Schönbrunn Educational School

from Wikipedia, the free encyclopedia
Schönbrunn Castle

The Schönbrunn Educational School , also known as Schönbrunn School or Kinderfreundeschule Schönbrunn, was a pedagogical training facility of the Austrian Kinderfreunde in existence from 1919 to 1924 .

history

The “Reichsverein Kinderfreunde”, which was created in 1917 through the merger of the “Alpine Workers 'Association Kinderfreunde” and the “Workers' Association Kinderfreunde für Niederösterreich”, were left with the military and hospital barracks of the KuK army that had become vacant with the collapse of the monarchy and could be converted into hoards and homes. This resulted in the establishment of further local groups: in addition to the earlier holiday activities, attempts were made to organize more and more afternoon care, which soon led to a lack of trained carers.

The rooms in Schönbrunn Palace , which had been requisitioned by Max Winter , Vice Mayor of Vienna and chairman of Kinderfreunde, since August 1919 , were suitable for a training institute that officially opened on November 12th (school operations had already started in October). Particularly noteworthy in this context is Hermine Weinreb , who comes from a middle-class background and is chairwoman of the Kinderfreunde Wien-Alsergrund, whose vehement demand for such a school made a significant contribution to its realization.

The management was entrusted to Otto Felix Kanitz , who was assisted by the elementary school teacher Anton Tesarek , who otherwise mainly directed the children's group that was housed there at the same time.

The curriculum of the three-year day school corresponded roughly to the upper level of a secondary school, with a special emphasis on psychology, pedagogy and political training.

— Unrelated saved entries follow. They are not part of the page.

(* R-linear combination  sum_i c_i x_i  (entries of c beyond size x are ignored) *)
Definition lin_comb (R : comNzRingType) (c x : seq R) : R :=
  \sum_(i < size x) c`_i * x`_i.


Definition is_ideal {R : comNzRingType} (I : R -> Prop) : Prop :=
  [/\ I 0, (forall x y, I x -> I y -> I (x + y)) & (forall a x, I x -> I (a * x))].


Definition fin_gen {R : comNzRingType} (I : R -> Prop) : Prop :=
  exists g : seq R, forall z, I z <-> exists c : seq R, z = lin_comb c g.

Definition noetherian (R : comNzRingType) : Prop := forall I : R -> Prop, is_ideal I -> fin_gen I.

(* (R, M) is a local ring with maximal ideal M: M is a proper ideal and
   every element outside M is a unit, so M is the unique maximal ideal *)
Definition local_ring {R : comNzRingType} (M : R -> Prop) : Prop :=
  [/\ is_ideal M, ~ M 1 & forall x, ~ M x -> exists y, x * y = 1].

Definition zero_ideal (R : comNzRingType) : R -> Prop := fun z => z = 0.
Arguments zero_ideal R : clear implicits.

Definition ideal_add {R : comNzRingType} (I J : R -> Prop) : R -> Prop :=
  fun z => exists u v, [/\ I u, J v & z = u + v].

Definition ideal_sq {R : comNzRingType} (M : R -> Prop) : R -> Prop :=
  fun z => exists a b : seq R, size a = size b /\
    (forall i, (i < size a)%N -> M a`_i /\ M b`_i) /\ z = lin_comb a b.

Definition ideal_ext {R S : comNzRingType} (f : R -> S) (M : R -> Prop) : S -> Prop :=
  fun z => exists (a : seq R) (b : seq S),
    (forall i, (i < size a)%N -> M a`_i) /\ z = lin_comb b (map f a).

Definition local_hom {R S : comNzRingType} (f : R -> S) (M : R -> Prop) (N : S -> Prop) : Prop :=
  forall x, M x -> N (f x).

(* Convention: a local ring of the form R/I, with I contained in the
   maximal ideal M of R, is represented by the pair (I, M); its maximal
   ideal is M/I and its residue field is R/M.  All quotient rings used in
   the statement (B/mB, C/mC, and R itself with I = 0) are of this form. *)

(* the classes of the family y in N/Q are linearly independent over S/N *)
Definition lin_indep_mod (S : comNzRingType) (N Q : S -> Prop) (y : seq S) : Prop :=
  forall c : seq S, Q (lin_comb c y) -> forall i, (i < size y)%N -> N c`_i.


(* largest d with P d (used only for P bounded, as here by noetherianity) *)
Definition dimof (P : nat -> Prop) : nat :=
  epsilon (inhabits 0%N) (fun d => P d /\ forall k, P k -> (k <= d)%N).


(* dim_{R/M} of Mbar/Mbar^2 = M/(M^2 + I), for the local ring R/I *)
Definition cotan_dim {R : comNzRingType} (I M : R -> Prop) : nat :=
  dimof (fun k => exists x : seq R, [/\ size x = k,
     (forall i, (i < k)%N -> M x`_i) &
     lin_indep_mod M (ideal_add (ideal_sq M) I) x]).

(* For the local map fbar : R/I -> S/J induced by f (f(I) in J),
   dimension over L = S/N of the image of  Mbar/Mbar^2 (x)_K L -> Nbar/Nbar^2,
   i.e. of the L-span of the classes of f(M) in N/(N^2 + J). *)
Definition image_dim {R S : comNzRingType} (f : R -> S) (M : R -> Prop) (J N : S -> Prop) : nat :=
  dimof (fun k => exists x : seq R, [/\ size x = k,
     (forall i, (i < k)%N -> M x`_i) &
     lin_indep_mod N (ideal_add (ideal_sq N) J) (map f x)]).

(* regularity defect of fbar : (R/I, M/I) -> (S/J, N/J): dimension of the
   kernel of  Mbar/Mbar^2 (x)_K L -> Nbar/Nbar^2, computed by rank-nullity
   (dim_L (V (x)_K L) = dim_K V). *)
Definition reg_defect {R S : comNzRingType} (f : R -> S) (I M : R -> Prop) (J N : S -> Prop) : nat :=
  (cotan_dim I M - image_dim f M J N)%N.

Definition generates {R : comNzRingType} (I M : R -> Prop) (x : seq R) : Prop :=
  (forall i, (i < size x)%N -> M x`_i) /\
  forall z, M z -> exists c : seq R, I (z - lin_comb c x).

Definition min_basis {R : comNzRingType} (I M : R -> Prop) (x : seq R) : Prop :=
  generates I M x /\ forall x' : seq R, generates I M x' -> (size x <= size x')%N.

Definition basically_regular {R S : comNzRingType} (f : R -> S) (I M : R -> Prop) (J N : S -> Prop) : Prop :=
  forall x : seq R, min_basis I M x ->
    exists y : seq S, min_basis J N (map f x ++ y).

From HB Require Import structures.
From mathcomp Require Import all_boot all_order all_algebra.
From mathcomp Require Import ring_quotient generic_quotient zify boolp.
From Stdlib Require Import ClassicalEpsilon.

Set Implicit Arguments. Unset Strict Implicit. Unset Printing Implicit Defensive.
Import GRing.Theory.
Local Open Scope ring_scope.

(** For a local map [f : (R, M) -> (S, N)] write [edim R] for the dimension of
    [M/M^2] and [r(f)] for the rank of the induced map [M/M^2 (x) L -> N/N^2], so
    that [rd(f) = edim R - r(f)] and [f] is basically regular iff [r(f) = edim R].
    Once the maximal ideals are finitely generated, every [N/(N^2 + J)] is a
    quotient of the coordinate space [L^d] over the residue field, minimal bases
    correspond (by Nakayama) to bases of that quotient, and all of these become
    matrix ranks.  Dividing [S] by the extended ideal [f(M)S] adds exactly the
    image of [f] to the relations, whence [r(g) = r(g mod f(M)) + r(g \o f)] for a
    second local map [g : S -> T]; for [g = id] this reads
    [edim S = edim (S/f(M)S) + r(f)].  With [r(g \o f) <= r(f) <= edim R], and
    [edim (S/f(M)S) = 0] when [f] is onto, the four statements are linear
    arithmetic. *)

(** * Ideals and linear combinations *)

Section Ideals.
Variable R : comNzRingType.
Implicit Types (I M : R -> Prop) (a b c x : seq R).

Lemma ideal_sum I n (F : 'I_n -> R) :
  is_ideal I -> (forall i, I (F i)) -> I (\sum_(i < n) F i).
Proof. by case=> I0 ID _ IF; apply: big_ind. Qed.

Lemma ideal_lin_comb I c x :
  is_ideal I -> (forall i, (i < size x)%N -> I x`_i) -> I (lin_comb c x).
Proof. by move=> I_ideal Ix; apply: ideal_sum => // i; case: I_ideal => _ _ IM; apply/IM/Ix. Qed.

Lemma lin_comb0 x : lin_comb [::] x = 0.
Proof. by rewrite /lin_comb big1 // => i _; rewrite nth_nil mul0r. Qed.

Lemma lin_comb_cat a1 a2 x1 x2 : size a1 = size x1 ->
  lin_comb (a1 ++ a2) (x1 ++ x2) = lin_comb a1 x1 + lin_comb a2 x2.
Proof.
move=> sa1; rewrite /lin_comb size_cat big_split_ord /=; congr (_ + _).
  by apply: eq_bigr => i _; rewrite !nth_cat sa1 ltn_ord.
by apply: eq_bigr => i _; rewrite !nth_cat sa1 ltnNge leq_addr /= addKn.
Qed.

Lemma lin_combZ r c x : lin_comb [seq r * z | z <- c] x = r * lin_comb c x.
Proof.
rewrite /lin_comb mulr_sumr; apply: eq_bigr => i _.
have [ic|ci] := ltnP i (size c); first by rewrite (nth_map 0) // mulrA.
by rewrite nth_default ?size_map // [c`_i]nth_default // !mul0r mulr0.
Qed.

Lemma is_ideal_zero : is_ideal (zero_ideal R).
Proof. by split=> // [x y -> ->|r x ->]; rewrite ?addr0 ?mulr0. Qed.

Lemma is_ideal_add I J : is_ideal I -> is_ideal J -> is_ideal (ideal_add I J).
Proof.
move=> [I0 ID IM] [J0 JD JM]; split.
- by exists 0, 0; rewrite addr0.
- move=> _ _ [u1 [v1 [Iu1 Jv1 ->]]] [u2 [v2 [Iu2 Jv2 ->]]].
  by exists (u1 + u2), (v1 + v2); rewrite addrACA; split; [apply: ID | apply: JD |].
- move=> r _ [u [v [Iu Jv ->]]].
  by exists (r * u), (r * v); rewrite mulrDr; split; [apply: IM | apply: JM |].
Qed.

Lemma is_ideal_sq M : is_ideal M -> is_ideal (ideal_sq M).
Proof.
move=> [M0 MD MM]; split.
- by exists [::], [::]; rewrite lin_comb0.
- move=> _ _ [a1 [x1 [s1 [Max1 ->]]]] [a2 [x2 [s2 [Max2 ->]]]].
  exists (a1 ++ a2), (x1 ++ x2); rewrite lin_comb_cat //.
  split; first by rewrite !size_cat s1 s2.
  split=> // i; rewrite size_cat !nth_cat -s1 => ilt.
  case: ifP => [/Max1 //|/negbT]; rewrite -leqNgt => le; apply: Max2.
  by rewrite ltn_subLR.
- move=> r _ [a [x [s [Max ->]]]].
  exists [seq r * z | z <- a], x; rewrite size_map lin_combZ; split=> //; split=> // i ia.
  by rewrite (nth_map 0) //; have [Ma Mx] := Max i ia; split=> //; apply: MM.
Qed.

The approximately 25 female students per year (there were only a few male candidates and only two completed the course) were between the ages of 15 and 18.

As of January 1, 1922, there were three courses with a total of 71 students; the third course, started in 1921, was run as a boarding school. After it turned out that there were male interested parties, but practically never came because of their occupation, an evening school was run from 1923 and the day school closed. At that time, however, it was already foreseeable that the emerging world economic crisis would drastically worsen employment opportunities for graduates. The school did not have public rights, so it could not be completed with a Matura . At the instigation of the Reich Secretary for Children's Friends Alois Jalkotzy , the sometimes derogatory so-called “socialist monastery school” had to restrict its operations in 1924 for financial reasons. After the February fights in 1934 (also known as the Austrian Civil War ), the children and their team of teachers were forced to stay in Schönbrunn by the Austro-fascist ones Engelbert Dollfuss government prohibited.

Faculty

The level of training can be evidenced by the names of teachers (excerpt):

Heinz Weiss describes the significance of the Schönbrunn School for the pedagogy of the 20th century as follows:
“The educators allowed the new pedagogy to flow into the work with the children in the child friends' groups, thereby setting in motion an educational snowball system. The result was a fundamental rethink among the teachers of the last century. "

Working group of socialist educators

From the group of around 100 graduates, the Working Group of Socialist Educators (AGsE) was formed - as a private initiative that was tolerated by the party, but was in no way sponsored - in whose environment Karl Popper was often to be found.

Remarks

  1. Heinz Weiss, exhibition catalog 2007, PDF p. 7.
  2. Maticka / Zvacek in "75 Years ...", p. 75.
  3. Heinz Weiss, exhibition catalog 2007, PDF p. 12.
  4. Heinz Weiss, exhibition catalog 2007, PDF p. 11.
  5. ^ Exhibition catalog 2007, PDF p. 12.

literature

  • Heinz Weiss u. a .: The educators of the Schönbrunn circle. (Exhibition catalog 2007, see web links)
  • Jakob Bindel (Ed.): 75 (seventy-five) years of childhood friends: 1908–1983; Sketches, memories, reports, outlooks. Jungbrunnen publishing house, Vienna-Munich 1983. ISBN 3-7026-5536-0
  • Herbert Gantschacher : About Wilhelm Jerusalem in Witness and Victim of the Apocalypse Exhibition Catalog, ARBOS Vienna-Salzburg-Arnoldstein 2007/2008
  • Uwe Fuhrmann: The Schönbrunn Children's Friends School, in: Messages from the Archives of the Workers' Youth Movement (2011), 2, pp. 57–60.